In this tradition of catering to the bosses amid a demoralizing social context, teachers do what it takes to keep things going. The dutiful ones cover their syllabus. It should be noted that the Indian curricula across various educational boards cover an incredible breadth of subject content. To give an illustration, things that I studied in 8th grade physics (e.g., Newtonian Mechanics) are taught at the undergraduate-level in the US. The only way this great breadth of curriculum can be covered is through the use of lecture method. Ideally, a teacher will be able to spend some time introducing a concept and then demonstrate solutions for some textbook questions before moving on to new content. There is little time for experimentation or critical classroom discussions and to go in-depth into the subject. And let’s not forget, the exams do not care for depth. It is very common for teachers to ask students to write responses for the textbook questions more than once for homework.
Parents
Parents in general are concerned about the results and not the process. Unfortunately, the social context is set up where memorization is considered as a sign of being genius. I have an untested hypothesis that children whose parents are more involved with their studies memorize more content.
Private tutoring
The prime purpose of private tutoring is to get access to model responses and to drill and practice more memorization. It is very common for tutors to share their own version of “model” responses with their students.

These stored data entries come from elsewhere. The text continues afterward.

Lemma holoM_has_pderivM p q Omega (F : ('I_N -> C) -> 'M[C]_(p, q)) i x :
  holoM Omega F -> Omega x -> has_pderivM F i x (pderivM F i x).
Proof.
move=> holoF Ox a b; rewrite mxE.
have /has_pderivP := holo_at_has_pderiv i (holoF x Ox a b).
by apply: cvg_dnbhs0_eq => t _; rewrite !mxE mulrC.
Qed.

Lemma has_pderivM_cvg p q (F : ('I_N -> C) -> 'M[C]_(p, q)) i x D :
  has_pderivM F i x D -> mx_cvg0 (fun t => F (Defs.shift x i t)) (F x).
Proof.
move=> dF; have cvg_t : t @[t --> (0 : C)^'] --> (0 : C) by exact: cvg_within.
have := mx_cvg0D (mx_cvg0_cst (F x)) (mx_cvg0Z cvg_t dF).
rewrite scale0r addr0; apply: mx_cvg0_eq => t t_neq0.
by rewrite scalerA mulfV // scale1r addrC subrK.
Qed.

Lemma has_pderivMM p q r (A : ('I_N -> C) -> 'M[C]_(p, q))
    (B : ('I_N -> C) -> 'M[C]_(q, r)) i x dA dB :
  has_pderivM A i x dA -> has_pderivM B i x dB ->
  has_pderivM (fun y => A y *m B y) i x (dA *m B x + A x *m dB).
Proof.
move=> dA_A dB_B.
have := mx_cvg0D (mx_cvg0M (has_pderivM_cvg dA_A) dB_B) (mx_cvg0M dA_A (mx_cvg0_cst (B x))).
rewrite addrC; apply: mx_cvg0_eq => t _.
by rewrite -scalemxAl -scalemxAr -scalerDr mulmxBl mulmxBr addrA subrK.
Qed.

Lemma has_pderivM_coordZ p q (F : ('I_N -> C) -> 'M[C]_(p, q)) i x dF :
  has_pderivM F i x dF -> has_pderivM (fun y => y i *: F y) i x (x i *: dF + F x).
Proof.
move=> dF_F.
apply: (mx_cvg0_eq _ (mx_cvg0D (mx_cvg0Z (cvg_cst (x i)) dF_F) (has_pderivM_cvg dF_F))).
move=> t t_neq0; have -> : Defs.shift x i t i = x i + t by rewrite /Defs.shift eqxx.
by apply/matrixP => a b; rewrite !mxE; field.
Qed.

Lemma has_pderivM_invmx n (F : ('I_N -> C) -> 'M[C]_n) i x dF :
  F x \in unitmx -> (\forall t \near (0 : C)^', F (Defs.shift x i t) \in unitmx) ->
  has_pderivM F i x dF ->
  has_pderivM (fun y => invmx (F y)) i x (- (invmx (F x) *m dF *m invmx (F x))).
Proof.
move=> unitFx unitF dF_F.
have cvg_invF := mx_cvg0_invmx unitFx unitF (has_pderivM_cvg dF_F).
apply: (mx_cvg0_near _ (mx_cvg0N (mx_cvg0M (mx_cvg0M cvg_invF dF_F)
                                            (mx_cvg0_cst (invmx (F x)))))).
apply: filterS unitF => t unitFt.
rewrite -scalemxAr -scalemxAl -scalerN; congr (_ *: _).
by rewrite mulmxBr mulVmx // mulmxBl mul1mx -mulmxA mulmxV // mulmx1 opprB.
Qed.

Lemma is_open_near_shift Omega x i : is_open Omega -> Omega x ->
  \forall t \near (0 : C)^', Omega (Defs.shift x i t).
Proof.
move=> openO Ox; apply: nbhs_dnbhs; have [delta delta_gt0 hdelta] := openO x Ox.
apply/nbhs_ballP; exists delta => // t /= t_delta; apply: hdelta => k.
rewrite shiftE; case: (k == i); rewrite ?mul1r ?mul0r ?normr0 //.
by move: t_delta; rewrite /ball /= sub0r normrN.
Qed.

End PartialDerivatives.

Lemma sum_ratio_split (K : fieldType) (V : lmodType K) N (x : 'I_N -> K) (i : 'I_N)
    (v : 'I_N -> V) :
  (forall j, j != i -> x i - x j != 0) ->
  \sum_(j | j != i) (x j / (x i - x j)) *: v j + \sum_(j : 'I_N | (j < i)%N) v j
  = \sum_(j : 'I_N | (j < i)%N) (x i / (x i - x j)) *: v j
    + \sum_(j : 'I_N | (i < j)%N) (x j / (x i - x j)) *: v j.
Proof.
move=> xij_neq0; rewrite (bigID (fun j : 'I_N => (j < i)%N)) /= addrAC.
have neq_lt j : (j != i) && (j < i)%N = (j < i)%N.
  by apply/andb_idl => ji; rewrite -val_eqE ltn_eqF.
have neq_ge j : (j != i) && ~~ (j < i)%N = (i < j)%N.
  by rewrite -val_eqE -leqNgt ltn_neqAle eq_sym.
rewrite (eq_bigl _ _ neq_lt) (eq_bigl _ _ neq_ge) -big_split /=; congr (_ + _).
apply: eq_bigr => j ji; have j_neq_i : j != i by rewrite neq_ltn ji.
by rewrite -{2}[v j]scale1r -scalerDl; congr (_ *: _); field; exact: xij_neq0.
Qed.

Lemma pderivM_coordZ_invmx_mul (C : numClosedFieldType) N n (Omega : ('I_N -> C) -> Prop)
    (L : ('I_N -> C) -> 'M[C]_n) (f : ('I_N -> C) -> 'cV[C]_n) i x :
  is_open Omega -> holoM Omega L -> holoM Omega f ->
  (forall y, Omega y -> L y \in unitmx) -> Omega x ->
  pderivM (fun y => y i *: (invmx (L y) *m f y)) i x =
  x i *: (- (invmx (L x) *m pderivM L i x *m invmx (L x)) *m f x
          + invmx (L x) *m pderivM f i x) + invmx (L x) *m f x.
Proof.
move=> openO holoL holof unitL Ox.
apply/pderivM_eq/has_pderivM_coordZ/has_pderivMM; last exact: holoM_has_pderivM holof Ox.
have unitL_near : \forall t \near (0 : C)^', L (Defs.shift x i t) \in unitmx.
  exact: filterS (fun t => unitL _) (is_open_near_shift i openO Ox).
exact: has_pderivM_invmx (unitL x Ox) unitL_near (holoM_has_pderivM (i := i) holoL Ox).
Qed.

Today as I look back at my 10th standard board exam preparation, I wonder what if the exams had a significant amount of test items at the application level of cognition. I spent more than two months almost memorizing the entire textbook. What if I had spent that time designing some experiments, visiting museums, reading popular science magazines or watching sci-fi movies? I had this sort of question on my board exam:
What is environmental degradation? Mention the measures to control environmental degradation. (5 marks)

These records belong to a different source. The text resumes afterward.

(* Let $n\ge 2$ and $q\ge 2$ be integers, let $E_q=\{0,1,\dots,q-1\}$, and let $A\subseteq E_q^n$ be a subset with $m=|A|\ge 2$. Let $R(A)$ denote the number of coordinates $i\in\{1,\dots,n\}$ such that the $i$-th coordinates of the elements of $A$ are not all equal, and let $D_A=\sum_{\{x,y\}\subseteq A,\ x\neq y} d_H(x,y)$, the sum of the Hamming distances over all unordered pairs of distinct elements of $A$. Then: (1) if $m/q\ge 1$, then \[\frac{2qD_A}{(q-1)m^2}\le R(A)\le \frac{D_A}{m-1};\] (2) if $m/q<1$ and $q>2$, then \[\frac{2(q-2)D_A}{(m^2-2)(q-2)-(m-2)^2}\le R(A)\le \frac{D_A}{m-1}.\]
   Context: $E_q^n$ is the set of all $n$-tuples $(x_1,\dots,x_n)$ with $x_i\in E_q$, equipped with the Hamming distance $d_H(x,y)=|\{i : x_i\neq y_i\}|$. Equivalently, $R(A)$ is the number of non-constant columns of the matrix whose rows are the elements of $A$ (the dimension of the smallest face of $E_q^n$ containing $A$, where a $k$-dimensional face is a set of vectors with $k$ coordinates varying freely and the other $n-k$ fixed). *)

From mathcomp Require Import all_boot all_order all_algebra.
Set Implicit Arguments. Unset Strict Implicit. Unset Printing Implicit Defensive.
Import Order.TTheory GRing.Theory Num.Theory.

Definition word (n q : nat) := {ffun 'I_n -> 'I_q}.

Definition dH (n q : nat) (x y : word n q) : nat := #|[set i : 'I_n | x i != y i]|.

Definition Rk (n q : nat) (A : {set word n q}) : nat :=
  #|[set i : 'I_n | [exists x in A, exists y in A, x i != y i]]|.

(* D_A: sum of Hamming distances over unordered pairs {x,y} of distinct
   elements of A, i.e. half the sum over ordered pairs (d(x,x)=0). *)
Definition DA (n q : nat) (A : {set word n q}) : rat :=
  ((\sum_(x in A) \sum_(y in A) dH x y)%N%:R / 2)%R.

From mathcomp Require Import all_boot all_order all_algebra.
From mathcomp Require Import zify ring lra.
Import Order.TTheory GRing.Theory Num.Theory.
Set Implicit Arguments. Unset Strict Implicit.

(* Coordinate i contributes to 2 D_A the number s_i of ordered pairs of A
   that differ at i, and s_i = 0 off the R(A) varying coordinates.  If the
   fibres of x |-> x_i have sizes c_a, then s_i = m^2 - sum_a c_a^2.  On a
   varying coordinate some fibre has size k with 0 < k < m, so
   s_i >= 2k(m-k) >= 2(m-1); since c_a <= c_a^2, s_i <= m(m-1); and
   Cauchy-Schwarz over the q symbols gives q s_i <= (q-1) m^2.  Summing over
   the varying coordinates gives the upper bound and the lower bound of (1);
   the lower bound of (2) follows from s_i <= m(m-1), as the denominator
   equals m(m-1)(q-2) + (m-2)(q-m). *)

Lemma sqr_sum_le_card_sum_sqr (I : finType) (c : I -> nat) :
  (\sum_i c i) ^ 2 <= #|I| * \sum_i c i ^ 2.
Proof.
rewrite -(leq_pmul2l (isT : 0 < 2)).
have -> : 2 * (\sum_i c i) ^ 2 = \sum_i \sum_j 2 * (c i * c j).
  rewrite mulnC expnS expn1 big_distrl /= big_distrl /=.
  apply: eq_bigr => i _; rewrite big_distrr big_distrl /=.
  by apply: eq_bigr => j _; rewrite mulnC.
have -> : 2 * (#|I| * \sum_i c i ^ 2) = \sum_i \sum_j (c i ^ 2 + c j ^ 2).
  under [RHS]eq_bigr => i _ do rewrite big_split /= sum_nat_const.
  by rewrite big_split /= sum_nat_const -big_distrr /= addnn -mul2n.
apply: leq_sum => i _; apply: leq_sum => j _; exact: (nat_Cauchy _ _).1.
Qed.

Section Fibres.
Variables (aT T : finType) (A : {set aT}) (f : aT -> T).

Definition npairs_neq := \sum_(x in A) \sum_(y in A) (f x != f y).

Let fibre a := \sum_(x in A) (f x == a).

Lemma sum_fibre : \sum_a fibre a = #|A|.
Proof.
rewrite exchange_big /= -sum1_card; apply: eq_bigr => x _.
by rewrite (bigD1 (f x)) //= eqxx big1 // => a; rewrite eq_sym => /negbTE ->.
Qed.

Lemma npairs_neq_add_sum_sqr_fibre : npairs_neq + \sum_a fibre a ^ 2 = #|A| ^ 2.
Proof.
have -> : \sum_a fibre a ^ 2 = \sum_(x in A) \sum_(y in A) (f x == f y).
  under eq_bigr => a _ do rewrite expnS expn1 big_distrl /=.
  rewrite exchange_big /=; apply: eq_bigr => x _.
  rewrite (bigD1 (f x)) //= eqxx mul1n big1 ?addn0.
    by under eq_bigr do rewrite eq_sym.
  by move=> a /negbTE; rewrite eq_sym => ->; rewrite mul0n.
rewrite -big_split /= expnS expn1 -sum_nat_const; apply: eq_bigr => x _.
by rewrite -big_split /= -sum1_card; apply: eq_bigr => y _; case: eqP.
Qed.

Lemma npairs_neq_le : npairs_neq <= #|A| * (#|A| - 1).
Proof.
have := npairs_neq_add_sum_sqr_fibre; rewrite -sum_fibre.
have : \sum_a fibre a <= \sum_a fibre a ^ 2 by apply: leq_sum => a _; nia.
nia.
Qed.

Lemma card_mul_npairs_neq_le : #|T| * npairs_neq <= (#|T| - 1) * #|A| ^ 2.
Proof.
have := npairs_neq_add_sum_sqr_fibre.
have := sqr_sum_le_card_sum_sqr fibre; rewrite sum_fibre.
nia.
Qed.

Lemma npairs_neq_ge x0 y0 :
  x0 \in A -> y0 \in A -> f x0 != f y0 -> 2 * (#|A| - 1) <= npairs_neq.
Proof.
move=> Ax0 Ay0 neq_xy; set a := f x0.
set b := fibre a; set c := \sum_(y in A) (f y != a).
have card_A : b + c = #|A|.
  by rewrite -big_split -sum1_card; apply: eq_bigr => y _; case: (f y == a).
have b_gt0 : 0 < b by rewrite /b /fibre (bigD1 x0) //= eqxx.
have c_gt0 : 0 < c by rewrite /c (bigD1 y0) //= eq_sym neq_xy.
suff : b * c + c * b <= npairs_neq by nia.
have -> : b * c + c * b = \sum_(x in A) ((f x == a) * c + (f x != a) * b).
  by rewrite big_split -!big_distrl.
apply: leq_sum => x _; case: (eqVneq (f x) a) => [-> | neq_xa] /=.
  by rewrite mul1n mul0n addn0; apply: leq_sum => y _; rewrite eq_sym.
rewrite mul0n mul1n; apply: leq_sum => y _.
by case: (eqVneq (f y) a) => [-> | //]; rewrite neq_xa.
Qed.

End Fibres.

Lemma sum_supported_bounds (I : finType) (B : {set I}) (F : I -> nat) lo hi :
  (forall i, i \notin B -> F i = 0) -> {in B, forall i, lo <= F i <= hi} ->
  #|B| * lo <= \sum_i F i <= #|B| * hi.
Proof.
move=> F_off F_on; rewrite (bigID [in B]) /= addnC big1 ?add0n //.
by rewrite -!sum_nat_const !leq_sum // => i /F_on /andP [].
Qed.

Section Words.
Variables (n q : nat) (A : {set word n q}).

Let pair_dist_sum := \sum_(x in A) \sum_(y in A) dH x y.
Let varying := [set i : 'I_n | [exists x in A, exists y in A, x i != y i]].
Let disagree i := npairs_neq A (fun x : word n q => x i).

Lemma pair_dist_sum_disagree : pair_dist_sum = \sum_i disagree i.
Proof.
rewrite /pair_dist_sum /disagree /npairs_neq [RHS]exchange_big /=; apply: eq_bigr => x _.
rewrite [RHS]exchange_big /=; apply: eq_bigr => y _.
rewrite /dH -sum1_card big_mkcond /=; apply: eq_bigr => i _.
by rewrite inE; case: (x i != y i).
Qed.

Lemma disagree_eq0 i : i \notin varying -> disagree i = 0.
Proof.
rewrite inE => const_i; rewrite /disagree /npairs_neq big1 // => x Ax.
rewrite big1 // => y Ay.
apply/eqP; rewrite eqb0 negbK; apply: contraNT const_i => neq_xy.
by apply/existsP; exists x; rewrite Ax; apply/existsP; exists y; rewrite Ay.
Qed.

Lemma disagree_bounds i :
  i \in varying -> 2 * (#|A| - 1) <= disagree i <= #|A| * (#|A| - 1).
Proof.
rewrite inE; case/existsP=> x /andP [Ax /existsP [y /andP [Ay neq_xy]]].
by rewrite (npairs_neq_ge Ax Ay neq_xy) npairs_neq_le.
Qed.

Lemma pair_dist_sum_bounds :
  Rk A * (2 * (#|A| - 1)) <= pair_dist_sum <= Rk A * (#|A| * (#|A| - 1)).
Proof.
rewrite pair_dist_sum_disagree.
exact: sum_supported_bounds disagree_eq0 disagree_bounds.
Qed.

Lemma card_mul_pair_dist_sum_le : q * pair_dist_sum <= Rk A * ((q - 1) * #|A| ^ 2).
Proof.
rewrite pair_dist_sum_disagree big_distrr /=.
suff /andP [_ //] :
  #|varying| * 0 <= \sum_i q * disagree i <= #|varying| * ((q - 1) * #|A| ^ 2).
apply: sum_supported_bounds => i.
- by move/disagree_eq0 => disagree_i0 /=; rewrite disagree_i0 muln0.
- move=> _ /=.
  by have := card_mul_npairs_neq_le A (fun x : word n q => x i); rewrite card_ord.
Qed.
End Words.

Local Open Scope ring_scope.

Theorem mainTheorem1 (n q : nat) (A : {set word n q}) :
  (2 <= n)%N -> (2 <= q)%N -> (2 <= #|A|)%N ->
  let m : rat := (#|A|)%:R in
  let qq : rat := q%:R in
  let R : rat := (Rk A)%:R in
  ((qq <= m) ->
     2 * qq * DA A / ((qq - 1) * m ^+ 2) <= R /\ R <= DA A / (m - 1)) /\
  ((m < qq) -> (2 < q)%N ->
     2 * (qq - 2) * DA A / ((m ^+ 2 - 2) * (qq - 2) - (m - 2) ^+ 2) <= R
     /\ R <= DA A / (m - 1)).
Proof.
move=> _ q_ge2 A_ge2 m qq R.
have A_ge1 : (1 <= #|A|)%N by apply: ltnW.
have q_ge1 : (1 <= q)%N by apply: ltnW.
have /andP [S_ge S_le] := pair_dist_sum_bounds A.
have S_le_q := card_mul_pair_dist_sum_le A.
rewrite /DA; set S := (\sum_(x in A) _)%N in S_ge S_le S_le_q *.
rewrite -!(ler_nat rat) !natrM !natrB // -/m -/qq -/R in S_ge S_le S_le_q.
have m_ge2 : 2 <= m by rewrite (ler_nat rat 2).
have qq_ge2 : 2 <= qq by rewrite (ler_nat rat 2).
have R_ge0 : 0 <= R by rewrite ler0n.
have upper : R <= S%:R / 2 / (m - 1) by rewrite ler_pdivlMr; lra.
(* [2 < q] is implied by [2 <= m < q]. *)
split=> [qq_le_m | m_lt_qq _]; split => //.
  rewrite ler_pdivrMr; last by apply: mulr_gt0; [lra | nra].
  nra.
have -> : (m ^+ 2 - 2) * (qq - 2) - (m - 2) ^+ 2
          = m * (m - 1) * (qq - 2) + (m - 2) * (qq - m) by ring.
have m_qq_ge0 : 0 <= (m - 2) * (qq - m) by apply: mulr_ge0; lra.
rewrite ler_pdivrMr; last by apply: ltr_wpDr => //; rewrite !mulr_gt0 //; lra.
nra.
Qed.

One definition and all eight points on ‘Measures to control Environmental Degradation’ mentioned in the textbook. Of course, I nailed it. But, what if I was asked the following question:
Based on your knowledge of the science textbook, prepare a detailed plan of action to cope with the environmental degradation in your home town/village/city. (5 marks)
What if we prepare a social context where students need to tap into their deeper levels of learning? This cannot happen overnight. It is a gradual process: more application level questions in exams, high quality teachers who are as professionally competent and as well-paid as any engineer, doctor, or scientist, more experimentation and higher order discussions in classrooms, entire administrative structure which caters to the students and not the bosses, and….
[Note: This piece sheds light on common patterns. There are always exceptions. A lot of administrators, principals, teachers and parents are putting incredible amount of efforts keeping the students at the centre; and there’s always a Rancho (Aamir Khan’s character in the film ‘3 Idiots’) in every classroom.]